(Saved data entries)
»»

(* Aggregating the [x_t] of (P2) over each [T_i] gives a point of (P4) with
   the same cost, and weak duality from (P4) to (P5) is a direct estimate, so
   (P2) >= (P4) >= (P5).  Conversely, if (P5) is bounded by [V] but (P2) has no
   point of cost [<= V], Farkas' lemma (proved by Fourier-Motzkin elimination)
   gives a dual certificate [(pi, nu, q)].  With [theta] the least [pi_c],
   [c != b], the pair [(pi_a - theta, pi_a + (m - 1) theta)] satisfies the
   constraints of (P5) scaled by [q]: for each [i], test the certificate on a
   ranking with [b, a] at positions [i, i + 1] and on the same ranking with [b]
   moved to the top and [a] to the bottom.  Its objective exceeds [q V], which
   contradicts the homogeneity of (P5).  When (P5) is unbounded, weak duality
   leaves (P2) and (P4) infeasible. *)

Lemma sum_kronecker (R : ringType) (T : finType) (F : T -> R) (j : T) :
  \sum_i (i == j)%:R * F i = F j.
Proof.
by rewrite (bigD1 j) //= eqxx mul1r big1 ?addr0 // => i /negbTE ->; rewrite mul0r.
Qed.

Lemma sum_option (R : nmodType) (J : finType) (F : option J -> R) :
  \sum_o F o = F None + \sum_j F (Some j).
Proof.
rewrite (bigD1 None) //=; congr (_ + _).
by rewrite (reindex_omap Some (fun o => o)) => [|[]] //; apply: eq_bigl => j; rewrite eqxx.
Qed.

Section Farkas.
Variable R : realFieldType.

Lemma exists_between (I : finType) (P Q : pred I) (L U : I -> R) :
  (forall p q, P p -> Q q -> L p <= U q) ->
  exists z, (forall p, P p -> L p <= z) /\ (forall q, Q q -> z <= U q).
Proof.
move=> LU; case: (pickP P) => [p0 Pp0|noP]; last first.
  exists (\big[Order.min/0]_(q | Q q) U q); split=> [p|q Qq]; first by rewrite noP.
  by rewrite (bigD1 q) //= ge_min lexx.
exists (\big[Order.max/L p0]_(p | P p) L p); split=> [p Pp|q Qq].
  by rewrite (bigD1 p) //= le_max lexx.
apply: (big_ind (fun x => x <= U q)) => [|x y|p Pp]; rewrite ?ge_max; last exact: LU.
  exact: LU.
by move=> -> ->.
Qed.

Section FourierMotzkin.
Variables (I : finType) (c : I -> R).

(* Row [k] of the system obtained by eliminating a variable with coefficients
   [c] is [\sum_i fm_weight k i * row i]: the rows where [c] vanishes, and
   [- c q * row p + c p * row q] for [c p > 0 > c q]. *)
Definition fm_weight (k : I + I * I) (i : I) : R :=
  match k with
  | inl i' => (i == i')%:R * (c i' == 0)%:R
  | inr (p, q) => ((0 < c p) && (c q < 0))%:R * ((i == p)%:R * - c q + (i == q)%:R * c p)
  end.

Lemma fm_weight_ge0 k i : 0 <= fm_weight k i.
Proof.
case: k => [i'|[p q]] /=; first by rewrite mulr_ge0.
case: andP => [[cp cq]|_]; last by rewrite mul0r.
by rewrite mul1r addr_ge0 // mulr_ge0 // ?oppr_ge0 ltW.
Qed.

Lemma fm_weight_sum (F : I -> R) k : \sum_i fm_weight k i * F i =
  match k with
  | inl i => (c i == 0)%:R * F i
  | inr (p, q) => ((0 < c p) && (c q < 0))%:R * (- c q * F p + c p * F q)
  end.
Proof.
case: k => [i'|[p q]] /=.
  rewrite -(sum_kronecker (fun i => (c i' == 0)%:R * F i)).
  by apply: eq_bigr => i _; ring.
set b := (_ && _)%:R.
transitivity (\sum_i (b * - c q * ((i == p)%:R * F i) + b * c p * ((i == q)%:R * F i))).
  by apply: eq_bigr => i _; ring.
by rewrite big_split -!mulr_sumr !sum_kronecker /=; ring.
Qed.

Lemma fm_weight_column k : \sum_i fm_weight k i * c i = 0.
Proof.
rewrite fm_weight_sum; case: k => [i|[p q]].
  by case: eqP => [->|]; rewrite ?mulr0 ?mul0r.
by rewrite [c p * _]mulrC mulNr addNr mulr0.
Qed.

Lemma fm_solve_column (d : I -> R) :
  (forall k, \sum_i fm_weight k i * d i <= 0) -> exists z, forall i, d i <= c i * z.
Proof.
move=> hd.
have [|z [zl zu]] := @exists_between _ (fun p => 0 < c p) (fun q => c q < 0)
    (fun p => d p / c p) (fun q => d q / c q).
  move=> p q /= cp cq; have := hd (inr (p, q)); rewrite fm_weight_sum cp cq mul1r => h.
  rewrite ler_pdivrMr // mulrAC ler_ndivlMr //; nra.
exists z => i; case: (ltgtP (c i) 0) => ci.
- by have := zu i ci; rewrite /= ler_ndivlMr // mulrC.
- by have := zl i ci; rewrite /= ler_pdivrMr // mulrC.
- by have := hd (inl i); rewrite fm_weight_sum ci eqxx mul1r mul0r.
Qed.
End FourierMotzkin.

Lemma sum_comb (I K : finType) (P : pred I) (p : K -> R) (W : K -> I -> R) (F : I -> R) :
  \sum_(i | P i) (\sum_k p k * W k i) * F i = \sum_k p k * \sum_(i | P i) W k i * F i.
Proof.
under eq_bigr do rewrite mulr_suml; rewrite exchange_big /=.
by apply: eq_bigr => k _; rewrite mulr_sumr; apply: eq_bigr => i _; rewrite mulrA.
Qed.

««

**INSTRUCTIONS TO FOLLOW:** Both the first line of the records above and the line containing "point of cost" are to be transcribed exactly, together with every line between them, and nothing else.

**RESPONSE:**
(* Aggregating the [x_t] of (P2) over each [T_i] gives a point of (P4) with
   the same cost, and weak duality from (P4) to (P5) is a direct estimate, so
   (P2) >= (P4) >= (P5).  Conversely, if (P5) is bounded by [V] but (P2) has no
   point of cost [<= V], Farkas' lemma (proved by Fourier-Motzkin elimination)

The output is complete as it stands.